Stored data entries
····················

Definition hyp_coef (al be ga : R) (n : nat) : R :=
  poch al n * poch be n / poch ga n / INR (fact n).

Definition binom_coef (s : R) (n : nat) : R := poch s n / INR (fact n).

Lemma INR_fact_S n : INR (fact (S n)) = (INR n + 1) * INR (fact n).
Proof. rewrite <- S_INR; apply mult_INR. Qed.

Lemma hyp_coef_0 al be ga : hyp_coef al be ga 0 = 1.
Proof. unfold hyp_coef; simpl; field. Qed.

Lemma binom_coef_0 s : binom_coef s 0 = 1.
Proof. unfold binom_coef; simpl; field. Qed.

Lemma hyp_coef_pos al be ga n : 0 < al -> 0 < be -> 0 < ga -> 0 < hyp_coef al be ga n.
Proof.
  intros Ha Hb Hg; unfold hyp_coef.
  pose proof (poch_pos al n Ha); pose proof (poch_pos be n Hb).
  pose proof (poch_pos ga n Hg); pose proof (INR_fact_lt_0 n).
  repeat apply Rdiv_lt_0_compat; auto; apply Rmult_lt_0_compat; auto.
Qed.

Lemma binom_coef_pos s n : 0 < s -> 0 < binom_coef s n.
Proof. intros Hs; apply Rdiv_lt_0_compat; [apply poch_pos; auto | apply INR_fact_lt_0]. Qed.

Lemma hyp_coef_S al be ga n : 0 < ga -> hyp_coef al be ga (S n) =
  hyp_coef al be ga n * ((al + INR n) * (be + INR n) / ((ga + INR n) * (INR n + 1))).
Proof.
  intros Hg; unfold hyp_coef; rewrite INR_fact_S; simpl poch.
  pose proof (poch_pos ga n Hg); pose proof (INR_fact_lt_0 n); pose proof (pos_INR n).
  field; repeat split; lra.
Qed.

Lemma binom_coef_S s n : binom_coef s (S n) = binom_coef s n * ((s + INR n) / (INR n + 1)).
Proof.
  unfold binom_coef; rewrite INR_fact_S; simpl poch.
  pose proof (INR_fact_lt_0 n); pose proof (pos_INR n).
  field; split; lra.
Qed.

Lemma hyp_binom_coef_cross al be ga s n : 0 < ga ->
  hyp_coef al be ga (S n) * binom_coef s n * ((ga + INR n) * (s + INR n)) =
  binom_coef s (S n) * hyp_coef al be ga n * ((al + INR n) * (be + INR n)).
Proof.
  intros Hg; rewrite hyp_coef_S, binom_coef_S by exact Hg.
  pose proof (pos_INR n); field; split; lra.
Qed.

Lemma hyp_term_coef al be ga x n : hyp_term al be ga x n = hyp_coef al be ga n * x ^ n.
Proof. unfold hyp_term, hyp_coef, Rdiv; ring. Qed.

Lemma hypF_PSeries al be ga x : hypF al be ga x = PSeries (hyp_coef al be ga) x.
Proof. apply Series_ext, hyp_term_coef. Qed.

Section RatioComparison.

Variables c d : nat -> R.
Hypothesis c_pos : forall n, 0 < c n.
Hypothesis d_pos : forall n, 0 < d n.

Lemma ratio_le_tail N :
  (forall n, (N <= n)%nat -> c (S n) * d n <= d (S n) * c n) ->
  forall k, c (N + k)%nat * d N <= c N * d (N + k)%nat.
Proof.
  intros Hstep k; induction k as [|k IH]; [rewrite Nat.add_0_r; lra|].
  rewrite Nat.add_succ_r.
  pose proof (Hstep (N + k)%nat ltac:(lia)) as Hk.
  pose proof (d_pos (N + k)%nat); pose proof (d_pos (S (N + k))); pose proof (d_pos N).
  apply Rmult_le_reg_r with (d (N + k)%nat); [assumption | nra].
Qed.

Lemma prefix_le_scaled M : exists K, forall n, (n <= M)%nat -> c n <= K * d n.
Proof.
  induction M as [|M [K HK]].
  - exists (c 0%nat / d 0%nat); intros n Hn; replace n with 0%nat by lia.
    pose proof (d_pos 0%nat); right; field; lra.
  - exists (Rmax K (c (S M) / d (S M))); intros n Hn.
    pose proof (d_pos n).
    destruct (Nat.eq_dec n (S M)) as [->|Hne].
    + apply Rle_trans with (c (S M) / d (S M) * d (S M)); [right; field; lra|].
      apply Rmult_le_compat_r; [lra | apply Rmax_r].
    + apply Rle_trans with (K * d n); [apply HK; lia|].
      apply Rmult_le_compat_r; [lra | apply Rmax_l].
Qed.

Lemma ratio_le_bigO N :
  (forall n, (N <= n)%nat -> c (S n) * d n <= d (S n) * c n) ->
  exists K, 0 < K /\ forall n, c n <= K * d n.
Proof.
  intros Hstep; destruct (prefix_le_scaled N) as [K HK].
  set (K' := Rmax K (c N / d N)).
  assert (Hbound : forall n, c n <= K' * d n).
  { intros n; pose proof (d_pos n); destruct (Compare_dec.le_lt_dec n N) as [Hn|Hn].
    - apply Rle_trans with (K * d n); [auto | apply Rmult_le_compat_r; [lra | apply Rmax_l]].
    - replace n with (N + (n - N))%nat by lia.
      pose proof (ratio_le_tail N Hstep (n - N)).
      pose proof (d_pos N); pose proof (d_pos (N + (n - N))%nat).
      apply Rle_trans with (c N / d N * d (N + (n - N))%nat).
      + apply Rmult_le_reg_r with (d N); [lra|].
        replace (c N / d N * d (N + (n - N))%nat * d N) with (c N * d (N + (n - N))%nat)
          by (field; lra); lra.
      + apply Rmult_le_compat_r; [lra | apply Rmax_r]. }
  exists K'; split; [|exact Hbound].
  pose proof (Hbound 0%nat); pose proof (c_pos 0%nat); pose proof (d_pos 0%nat).
  apply Rmult_lt_reg_r with (d 0%nat); lra.
Qed.

End RatioComparison.

Lemma hyp_coef_le_binom_coef al be ga s :
  0 < al -> 0 < be -> 0 < ga -> 0 < s -> al + be < ga + s ->
  exists K, 0 < K /\ forall n, hyp_coef al be ga n <= K * binom_coef s n.
Proof.
  intros Ha Hb Hg Hs Hgap.
  destruct (INR_archimed (ga + s - al - be) (al * be) ltac:(lra)) as [N HN].
  apply (ratio_le_bigO _ _ (fun n => hyp_coef_pos al be ga n Ha Hb Hg)
    (fun n => binom_coef_pos s n Hs) N).
  intros n Hn.
  assert (HNn : INR N <= INR n) by (apply le_INR; exact Hn).
  assert (Hfactor : (al + INR n) * (be + INR n) <= (ga + INR n) * (s + INR n)) by nra.
  pose proof (hyp_binom_coef_cross al be ga s n Hg) as Hcross.
  pose proof (hyp_coef_pos al be ga n Ha Hb Hg); pose proof (binom_coef_pos s (S n) Hs).
  pose proof (pos_INR n).
  apply Rmult_le_reg_r with ((ga + INR n) * (s + INR n)); [nra|].
  rewrite Hcross; apply Rmult_le_compat_l; [nra | exact Hfactor].
Qed.

Lemma binom_coef_le_hyp_coef al be ga s n :
  0 < al -> 0 < be -> 0 < ga -> 0 < s ->
  (forall x, 0 <= x -> (ga + x) * (s + x) <= (al + x) * (be + x)) ->
  binom_coef s n <= hyp_coef al be ga n.
Proof.
  intros Ha Hb Hg Hs Hfactor.
  assert (Hstep : forall k, (0 <= k)%nat ->
    binom_coef s (S k) * hyp_coef al be ga k <= hyp_coef al be ga (S k) * binom_coef s k).
  { intros k _.
    pose proof (hyp_binom_coef_cross al be ga s k Hg) as Hcross.
    pose proof (hyp_coef_pos al be ga k Ha Hb Hg); pose proof (binom_coef_pos s (S k) Hs).
    pose proof (pos_INR k); pose proof (Hfactor (INR k) (pos_INR k)).
    apply Rmult_le_reg_r with ((ga + INR k) * (s + INR k)); [nra|].
    replace (hyp_coef al be ga (S k) * binom_coef s k * ((ga + INR k) * (s + INR k)))
      with (binom_coef s (S k) * hyp_coef al be ga k * ((al + INR k) * (be + INR k)))
      by (symmetry; exact Hcross).
    apply Rmult_le_compat_l; nra. }
  pose proof (ratio_le_tail _ _ (fun k => hyp_coef_pos al be ga k Ha Hb Hg) 0 Hstep n) as Htail.
  rewrite binom_coef_0, hyp_coef_0 in Htail; simpl in Htail; lra.
Qed.

Lemma binom_coef_radius s : 0 < s -> CV_radius (binom_coef s) = 1.
Proof.
  intros Hs.
  rewrite (CV_radius_finite_DAlembert (binom_coef s) 1); [now rewrite Rinv_1 | | lra |].
  - intro n; pose proof (binom_coef_pos s n Hs); lra.
  - apply is_lim_seq_ext with (fun n => 1 + (s - 1) * / (INR n + 1)).
    + intro n; rewrite binom_coef_S.
      pose proof (binom_coef_pos s n Hs); pose proof (pos_INR n).
      rewrite Rabs_pos_eq; [field; lra|].
      apply Rlt_le, Rdiv_lt_0_compat; [|lra].
      apply Rmult_lt_0_compat; [lra | apply Rdiv_lt_0_compat; lra].
    + replace (Finite 1) with (Finite (1 + (s - 1) * 0)) by (f_equal; ring).
      apply is_lim_seq_plus'; [apply is_lim_seq_const|].
      assert (Hinv : is_lim_seq (fun n => / (INR n + 1)) 0).
      { apply is_lim_seq_ext with (fun n => / INR (S n)); [intro; rewrite S_INR; reflexivity|].
        replace (Finite 0) with (Rbar_inv p_infty) by reflexivity.
        apply is_lim_seq_inv; [apply -> is_lim_seq_incr_1; apply is_lim_seq_INR | discriminate]. }
      exact (is_lim_seq_scal_l _ (s - 1) 0 Hinv).
Qed.

Lemma binom_series_ode s x : 0 < s -> Rabs x < 1 ->
  (1 - x) * PSeries (PS_derive (binom_coef s)) x = s * PSeries (binom_coef s) x.
Proof.
  intros Hs Hx.
  assert (Hr : Rbar_lt (Rabs x) (CV_radius (binom_coef s))) by (rewrite binom_coef_radius; auto).
  pose proof (ex_pseries_incr_1 _ _ (ex_pseries_derive _ _ Hr)) as Hex.
  replace ((1 - x) * PSeries (PS_derive (binom_coef s)) x) with
    (PSeries (PS_derive (binom_coef s)) x - x * PSeries (PS_derive (binom_coef s)) x) by ring.
  rewrite <- PSeries_incr_1, <- PSeries_minus, <- PSeries_scal by
    (auto using ex_pseries_derive).
  apply PSeries_ext; intro n.
  unfold PS_minus, PS_scal, PS_incr_1, PS_derive.
  change (plus ?u (opp ?v)) with (u - v); change (scal s ?y) with (s * y).
  destruct n as [|n].
  - change zero with 0; rewrite binom_coef_S, binom_coef_0; simpl; field.
  - rewrite (binom_coef_S s (S n)), (S_INR (S n)); pose proof (pos_INR (S n)); field; lra.
Qed.

Lemma PSeries_binom_coef s t : 0 < s -> Rabs t < 1 ->
  PSeries (binom_coef s) t = Rpower (1 - t) (- s).
Proof.
  intros Hs Ht.
  assert (Hr : forall x, Rabs x < 1 -> Rbar_lt (Rabs x) (CV_radius (binom_coef s)))
    by (intros; rewrite binom_coef_radius; auto).
  set (h := fun y => PSeries (binom_coef s) y * Rpower (1 - y) s).
  (* [h] is constant since its derivative vanishes by the binomial ODE. *)
  assert (Hderiv : forall x, Rabs x < 1 -> is_derive h x 0).
  { intros x Hx; apply Rabs_def2 in Hx.
    assert (Hpow : is_derive (fun y => Rpower (1 - y) s) x (Rpower (1 - x) s * (- s / (1 - x)))).
    { unfold Rpower; auto_derive; [lra|]. replace (1 + - x) with (1 - x) by ring; field; lra. }
    pose proof (is_derive_mult _ _ x _ _ (is_derive_PSeries _ _ (Hr x ltac:(apply Rabs_def1; lra)))
      Hpow ltac:(intros; apply Rmult_comm)) as Hprod.
    pose proof (binom_series_ode s x Hs ltac:(apply Rabs_def1; lra)) as Hode.
    replace 0 with (PSeries (PS_derive (binom_coef s)) x * Rpower (1 - x) s +
      PSeries (binom_coef s) x * (Rpower (1 - x) s * (- s / (1 - x)))); [exact Hprod|].
    replace (PSeries (PS_derive (binom_coef s)) x) with (s * PSeries (binom_coef s) x / (1 - x))
      by (rewrite <- Hode; field; lra).
    field; lra. }
  assert (Hinside : forall x, Rmin 0 t <= x <= Rmax 0 t -> Rabs x < 1).
  { intros x Hx; apply Rabs_def2 in Ht; apply Rabs_def1;
      unfold Rmin, Rmax in Hx; destruct (Rle_dec 0 t); lra. }
  destruct (MVT_gen h 0 t (fun _ => 0)) as [c [_ Hc]].
  - intros x Hx; apply Hderiv, Hinside; lra.
  - intros x Hx; apply derivable_continuous_pt; exists 0.
    apply is_derive_Reals, Hderiv, Hinside; exact Hx.
  - unfold h in Hc; rewrite PSeries_0, binom_coef_0, Rminus_0_r, Rpower_1_base in Hc.
    rewrite Rpower_Ropp; pose proof (Rpower_pos (1 - t) s).
    apply Rmult_eq_reg_r with (Rpower (1 - t) s); [|lra]; field_simplify; lra.
Qed.

Lemma hypF_le_Rpower al be ga s :
  0 < al -> 0 < be -> 0 < ga -> 0 < s -> al + be < ga + s ->
  exists K, 0 < K /\ forall t, 0 <= t < 1 ->
    ex_series (hyp_term al be ga t) /\ hypF al be ga t <= K * Rpower (1 - t) (- s).
Proof.
  intros Ha Hb Hg Hs Hgap.
  destruct (hyp_coef_le_binom_coef al be ga s Ha Hb Hg Hs Hgap) as [K [HK Hcoef]].
  exists K; split; [exact HK|]; intros t Ht.
  assert (Htabs : Rabs t < 1) by (rewrite Rabs_pos_eq; lra).
  assert (Hbinom : ex_series (fun n => K * (binom_coef s n * t ^ n))).
  { apply (ex_series_scal_l K (fun n => binom_coef s n * t ^ n)).
    apply ex_series_Rabs, CV_disk_inside; rewrite binom_coef_radius; auto. }
  assert (Hterm : forall n, 0 <= hyp_term al be ga t n <= K * (binom_coef s n * t ^ n)).
  { intro n; rewrite hyp_term_coef.
    pose proof (hyp_coef_pos al be ga n Ha Hb Hg); pose proof (pow_le t n ltac:(lra)).
    pose proof (Hcoef n); split; nra. }
  assert (Hex : ex_series (hyp_term al be ga t)).
  { apply (ex_series_le (hyp_term al be ga t) (fun n => K * (binom_coef s n * t ^ n)));
      [intro n | exact Hbinom].
    change norm with Rabs; rewrite Rabs_pos_eq; apply Hterm. }
  split; [exact Hex|].
  unfold hypF; apply Rle_trans with (Series (fun n => K * (binom_coef s n * t ^ n))).
  - apply Series_le; assumption.
  - rewrite Series_scal_l; fold (PSeries (binom_coef s) t).
    rewrite PSeries_binom_coef by assumption; lra.
Qed.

····················

EXERCISE: Reproduce each line of the records in which the word "Hstep" appears.

YOUR RESPONSE:
  intros Hstep k; induction k as [|k IH]; [rewrite Nat.add_0_r; lra|].
  pose proof (Hstep (N + k)%nat ltac:(lia)) as Hk.
  intros Hstep; destruct (prefix_le_scaled N) as [K HK].
      pose proof (ratio_le_tail N Hstep (n - N)).
  assert (Hstep : forall k, (0 <= k)%nat ->
  pose proof (ratio_le_tail _ _ (fun k => hyp_coef_pos al be ga k Ha Hb Hg) 0 Hstep n) as Htail.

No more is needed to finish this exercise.